Extracted data entries:
(* If $\mathcal{P}$ and $\mathcal{Q}$ are locally finite posets, then $J_\mathcal{P}\times J_\mathcal{Q}=J_{\mathcal{P}\times\mathcal{Q}}$, i.e. for all $(x_1,y_1,z_1)\in\mathcal{F}l^3(\mathcal{P})$ and $(x_2,y_2,z_2)\in\mathcal{F}l^3(\mathcal{Q})$, $$J_{\mathcal{P}\times\mathcal{Q}}\big((x_1,x_2),(y_1,y_2),(z_1,z_2)\big)=J_\mathcal{P}(x_1,y_1,z_1)\,J_\mathcal{Q}(x_2,y_2,z_2).$$
   Context: $\mathcal{P}\times\mathcal{Q}$ has the product order. For a locally finite poset $\mathcal{R}$, $\mathcal{F}l^3(\mathcal{R})=\{(x,y,z)\in\mathcal{R}^3:x\le y\le z\}$, $\delta_3(x,y,z)=1$ if $x=y=z$ and $0$ otherwise, and $J_\mathcal{R}:\mathcal{F}l^3(\mathcal{R})\to\mathbb{Z}$ is the unique function with $\sum_{x\le a\le y\le b\le z}J_\mathcal{R}(a,y,b)=\delta_3(x,y,z)$ for all $(x,y,z)\in\mathcal{F}l^3(\mathcal{R})$ (sum over $a,b\in\mathcal{R}$). *)

From HB Require Import structures.
From mathcomp Require Import all_boot all_order all_algebra.
Set Implicit Arguments. Unset Strict Implicit. Unset Printing Implicit Defensive.
Import Order.TTheory GRing.Theory Num.Theory.

Local Open Scope order_scope.

Definition enum_itv (d : Order.disp_t) (T : porderType d) (s : seq T) (x z : T) : Prop :=
  uniq s /\ forall a : T, (a \in s) = (x <= a <= z).

Definition locally_finite (d : Order.disp_t) (T : porderType d) : Prop :=
  forall x z : T, exists s : seq T, enum_itv s x z.

Definition delta3 (d : Order.disp_t) (T : porderType d) (x y z : T) : int :=
  if (x == y) && (y == z) then 1%R else 0%R.

(* [is_J f]: f satisfies the defining identity of J_T on Fl^3(T):
   for all x <= y <= z,
     sum_{x <= a <= y <= b <= z} f(a, y, b) = delta_3(x, y, z). Only the values of f on Fl^3(T) matter. *)
Definition is_J (d : Order.disp_t) (T : porderType d) (f : T -> T -> T -> int) : Prop :=
  forall (x y z : T) (sxy syz : seq T),
    x <= y -> y <= z -> enum_itv sxy x y -> enum_itv syz y z ->
    (\sum_(a <- sxy) \sum_(b <- syz) f a y b)%R = delta3 x y z.

(* J_R is characterised by a triangular system: in the defining identity for
   (x, y, z), the term J(x, y, z) appears next to values J(a, y, b) on strictly
   smaller intervals [a, y] x [y, b].  So any two solutions agree, by induction
   on the sizes of the intervals.  The function (a, y, b) |-> J_P(a1, y1, b1)
   J_Q(a2, y2, b2) on P x Q is a solution, because intervals of the product
   order are products of intervals, the double sum factors, and delta_3 is
   multiplicative. *)

From mathcomp Require Import all_boot all_order all_algebra.
Import Order.TTheory GRing.Theory.

Set Implicit Arguments.
Unset Strict Implicit.
Unset Printing Implicit Defensive.

Local Open Scope order_scope.

Lemma size_filter_lt (T : eqType) (p : pred T) (s : seq T) (x : T) :
  x \in s -> ~~ p x -> (size (filter p s) < size s)%N.
Proof.
move=> xs npx; rewrite size_filter -(count_predC p s) -addn1 leq_add2l.
by rewrite -has_count; apply/hasP; exists x.
Qed.

Section Uniqueness.
Variables (d : Order.disp_t) (T : porderType d).
Implicit Types (x y z a b : T) (s sxy syz : seq T).

Lemma enum_itv_filter_lb s x y a :
  enum_itv s x y -> x <= a -> enum_itv [seq c <- s | a <= c] a y.
Proof.
move=> [us ms] xa; split=> [|c]; first exact: filter_uniq.
rewrite mem_filter ms; apply/idP/idP => [/and3P[-> _ ->] //|/andP[ac ->]].
by rewrite ac (le_trans xa ac).
Qed.

Lemma enum_itv_filter_ub s y z b :
  enum_itv s y z -> b <= z -> enum_itv [seq c <- s | c <= b] y b.
Proof.
move=> [us ms] bz; split=> [|c]; first exact: filter_uniq.
rewrite mem_filter ms; apply/idP/idP => [/and3P[-> -> _] //|/andP[yc cb]].
by rewrite cb yc (le_trans cb bz).
Qed.

Lemma J_homogeneous_eq0 (h : T -> T -> T -> int) :
  (forall x y z sxy syz, x <= y -> y <= z ->
     enum_itv sxy x y -> enum_itv syz y z ->
     (\sum_(a <- sxy) \sum_(b <- syz) h a y b)%R = 0%R) ->
  forall x y z sxy syz, x <= y -> y <= z ->
    enum_itv sxy x y -> enum_itv syz y z -> h x y z = 0%R.
Proof.
move=> hsum x y z sxy syz.
have [n] := ubnP (size sxy + size syz).
elim: n => // n IH in x z sxy syz * => ltn xy yz exy eyz.
have [[uxy mxy] [uyz myz]] := (exy, eyz).
have xin : x \in sxy by rewrite mxy lexx xy.
have zin : z \in syz by rewrite myz lexx yz.
have h_other a b : a \in sxy -> b \in syz -> (a != x) || (b != z) ->
    h a y b = 0%R.
  rewrite mxy myz => /andP[xa ay] /andP[yb bz] ab_ne.
  set sa := [seq c <- sxy | a <= c]; set sb := [seq c <- syz | c <= b].
  apply: (IH a b sa sb _ ay yb (enum_itv_filter_lb exy xa)
                               (enum_itv_filter_ub eyz bz)).
  have le_sa : (size sa <= size sxy)%N by rewrite size_filter count_size.
  have le_sb : (size sb <= size syz)%N by rewrite size_filter count_size.
  rewrite ltnS in ltn; apply: leq_trans _ ltn.
  have [lt_sa | lt_sb] : (size sa < size sxy)%N \/ (size sb < size syz)%N.
  - case/orP: ab_ne => [ax | bz']; [left | right]; apply: size_filter_lt.
    + exact: xin.
    + by apply: contra ax => ax'; rewrite eq_le xa ax'.
    + exact: zin.
    + by apply: contra bz' => zb; rewrite eq_le bz zb.
  - by rewrite -addSn leq_add.
  - by rewrite -addnS leq_add.
have := hsum x y z sxy syz xy yz exy eyz.
rewrite (bigD1_seq x) //= (bigD1_seq z) //= big1_seq ?addr0; last first.
  by move=> b /andP[bz bin]; rewrite h_other // bz orbT.
rewrite big1_seq ?addr0 // => a /andP[ax ain].
by rewrite big1_seq // => b /andP[_ bin]; rewrite h_other // ax.
Qed.

Lemma is_J_unique (f g : T -> T -> T -> int) x y z :
  locally_finite T -> is_J f -> is_J g -> x <= y -> y <= z -> f x y z = g x y z.
Proof.
move=> lfT hf hg xy yz; apply/eqP; rewrite -subr_eq0; apply/eqP.
have [sxy exy] := lfT x y; have [syz eyz] := lfT y z.
apply: (J_homogeneous_eq0 (h := fun a y b => (f a y b - g a y b)%R) _ xy yz exy eyz).
move=> u v w su sw uv vw eu ew /=.
under eq_bigr do rewrite sumrB.
by rewrite sumrB (hf u v w) // (hg u v w) // subrr.
Qed.

End Uniqueness.

Section Product.
Variables (d1 d2 : Order.disp_t) (P : porderType d1) (Q : porderType d2).
Local Notation PQ := (P *p Q)%type.

Lemma enum_itv_pairs (s1 : seq P) (s2 : seq Q) (x z : PQ) :
  enum_itv s1 x.1 z.1 -> enum_itv s2 x.2 z.2 ->
  enum_itv [seq (a, b) : PQ | a <- s1, b <- s2] x z.
Proof.
move=> [u1 m1] [u2 m2]; split.
  by apply: allpairs_uniq => // [[a b]] [a' b'] _ _ /= [-> ->].
case=> a b; rewrite !leEprod /= andbACA -m1 -m2.
by apply/allpairsP/andP => [[[a' b'] /= [? ? [-> ->]]] | []]; last exists (a, b).
Qed.

Lemma locally_finite_pair :
  locally_finite P -> locally_finite Q -> locally_finite PQ.
Proof.
move=> lfP lfQ x z; have [s1 e1] := lfP x.1 z.1; have [s2 e2] := lfQ x.2 z.2.
by eexists; exact: enum_itv_pairs e1 e2.
Qed.

Lemma big_itv_pairs (s : seq PQ) (s1 : seq P) (s2 : seq Q) (x z : PQ)
    (F : PQ -> int) :
  enum_itv s x z -> enum_itv s1 x.1 z.1 -> enum_itv s2 x.2 z.2 ->
  (\sum_(a <- s) F a = \sum_(a1 <- s1) \sum_(a2 <- s2) F (a1, a2))%R.
Proof.
move=> [u m] e1 e2; have [u' m'] := enum_itv_pairs e1 e2.
rewrite (perm_big [seq (a, b) : PQ | a <- s1, b <- s2]) ?big_allpairs //.
by apply: uniq_perm => // c; rewrite m m'.
Qed.

Lemma delta3_pair (x y z : PQ) :
  delta3 x y z = (delta3 x.1 y.1 z.1 * delta3 x.2 y.2 z.2)%R.
Proof.
case: x y z => [x1 x2] [y1 y2] [z1 z2]; rewrite /delta3 -!pair_eqE /=.
by case: (x1 == y1); case: (y1 == z1); case: (x2 == y2); case: (y2 == z2).
Qed.

Lemma is_J_pair (JP : P -> P -> P -> int) (JQ : Q -> Q -> Q -> int) :
  locally_finite P -> locally_finite Q -> is_J JP -> is_J JQ ->
  is_J (fun a y b : PQ => JP a.1 y.1 b.1 * JQ a.2 y.2 b.2)%R.
Proof.
move=> lfP lfQ hJP hJQ x y z sxy syz.
rewrite !leEprod => /andP[xy1 xy2] /andP[yz1 yz2] exy eyz.
have [s1 e1] := lfP x.1 y.1; have [s2 e2] := lfQ x.2 y.2.
have [t1 f1] := lfP y.1 z.1; have [t2 f2] := lfQ y.2 z.2.
rewrite delta3_pair -(hJP _ _ _ _ _ xy1 yz1 e1 f1) -(hJQ _ _ _ _ _ xy2 yz2 e2 f2).
rewrite (big_itv_pairs _ exy e1 e2) big_distrlr /=.
apply: eq_bigr => a1 _; apply: eq_bigr => a2 _.
by rewrite (big_itv_pairs _ eyz f1 f2) big_distrlr.
Qed.

End Product.

Theorem proposition5p5
  (d1 d2 : Order.disp_t) (P : porderType d1) (Q : porderType d2)
  (lfP : locally_finite P) (lfQ : locally_finite Q)
  (JP : P -> P -> P -> int) (JQ : Q -> Q -> Q -> int)
  (JPQ : (P *p Q)%type -> (P *p Q)%type -> (P *p Q)%type -> int)
  (hJP : is_J JP) (hJQ : is_J JQ) (hJPQ : is_J JPQ)
  (x1 y1 z1 : P) (x2 y2 z2 : Q) :
  (x1 <= y1)%O -> (y1 <= z1)%O -> (x2 <= y2)%O -> (y2 <= z2)%O ->
  JPQ (x1, x2) (y1, y2) (z1, z2) = (JP x1 y1 z1 * JQ x2 y2 z2)%R.
Proof.
move=> xy1 yz1 xy2 yz2.
have lfPQ := locally_finite_pair lfP lfQ.
apply: (is_J_unique lfPQ hJPQ (is_J_pair lfP lfQ hJP hJQ)).
  by rewrite leEprod /= xy1 xy2.
by rewrite leEprod /= yz1 yz2.
Qed.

Work to be completed:
Once you have identified the lines above that contain "Defensive", copy each of them.

Solution below:
Set Implicit Arguments. Unset Strict Implicit. Unset Printing Implicit Defensive.
Unset Printing Implicit Defensive.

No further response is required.